• Problem statement:
From the listing below, copy only the lines running from the line that contains "Theorem mainTheorem5 (R" to the line that contains "(cond_exp_norm omega alpha beta g1 g2 x", both included.

• Data extracts:
Section GarchMeasurability.
Variables (R : realType) (omega : 'cV[R]_2) (alpha beta : 'M[R]_2) (g1 g2 : R).
(* the sigma-algebra on R carried by the domain of [normal_prob] *)
Local Notation W := (measurableTypeR R * measurableTypeR R)%type.

Ltac measurable_arith := repeat first [
  exact: measurable_cst | exact: measurable_fst | exact: measurable_snd
| apply: (measurableT_comp (continuous_measurable_fun (@sqrt_continuous _)))
| apply: measurable_funX | apply: measurable_funD | apply: measurable_funB
| apply: measurable_funM ].

Lemma measurable_vnorm_garch_step x :
  measurable_fun setT (fun w : W => vnorm (garch_step omega alpha beta g1 g2 x w)).
Proof.
rewrite /garch_step; under eq_fun do rewrite vnorm2E !addcvE !mulmx2E !mxE.
measurable_arith.
Qed.

Lemma measurable_vnorm_fvec :
  measurable_fun setT (fun w : W => vnorm (alpha *m fvec g1 g2 w)).
Proof.
under eq_fun do rewrite vnorm2E !mulmx2E !mxE.
measurable_arith.
Qed.
End GarchMeasurability.

Theorem mainTheorem5 (R : realType) (omega : 'cV[R]_2) (alpha beta : 'M[R]_2)
  (g1 g2 : R) :
  assumption1 omega alpha beta ->
  (c_const omega alpha g1 g2 < +oo)%E ->
  forall x : 'cV[R]_2, in_D omega x ->
  (cond_exp_norm omega alpha beta g1 g2 x
     <= phi_const alpha beta g1 g2 * (vnorm x)%:E + c_const omega alpha g1 g2)%E.
Proof.
move=> [omega_gt0 beta_ge0 alpha_ge0 _ _] _ x xD.
have omega_ge0 i : 0 <= omega i 0 := ltW (omega_gt0 i).
have x_ge0 i : 0 <= x i 0 := le_trans (omega_ge0 i) (xD i).
have x_gt0 : 0 < vnorm x.
  by apply: (@vnorm_gt0 _ _ x 0); rewrite gt_eqF // (lt_le_trans (omega_gt0 0)).
rewrite /cond_exp_norm /phi_const /c_const.
rewrite -(integral_cstD (stdnormal2_setT R) (vnorm_ge0 omega)
  (measurable_vnorm_fvec alpha g1 g2)) => [|w]; last exact: vnorm_ge0.
apply: le_integral_mulr_add => //.
- exact: measurable_vnorm_garch_step.
- apply: measurable_funD; [exact: measurable_cst | exact: measurable_vnorm_fvec].
- by move=> w; rewrite vnorm_ge0.
- by move=> w; rewrite opnorm_ge0.
- by move=> w; rewrite addr_ge0 ?vnorm_ge0.
- by move=> w; apply: vnorm_garch_step_le.
Qed.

• Output for this exercise:
Theorem mainTheorem5 (R : realType) (omega : 'cV[R]_2) (alpha beta : 'M[R]_2)
  (g1 g2 : R) :
  assumption1 omega alpha beta ->
  (c_const omega alpha g1 g2 < +oo)%E ->
  forall x : 'cV[R]_2, in_D omega x ->
  (cond_exp_norm omega alpha beta g1 g2 x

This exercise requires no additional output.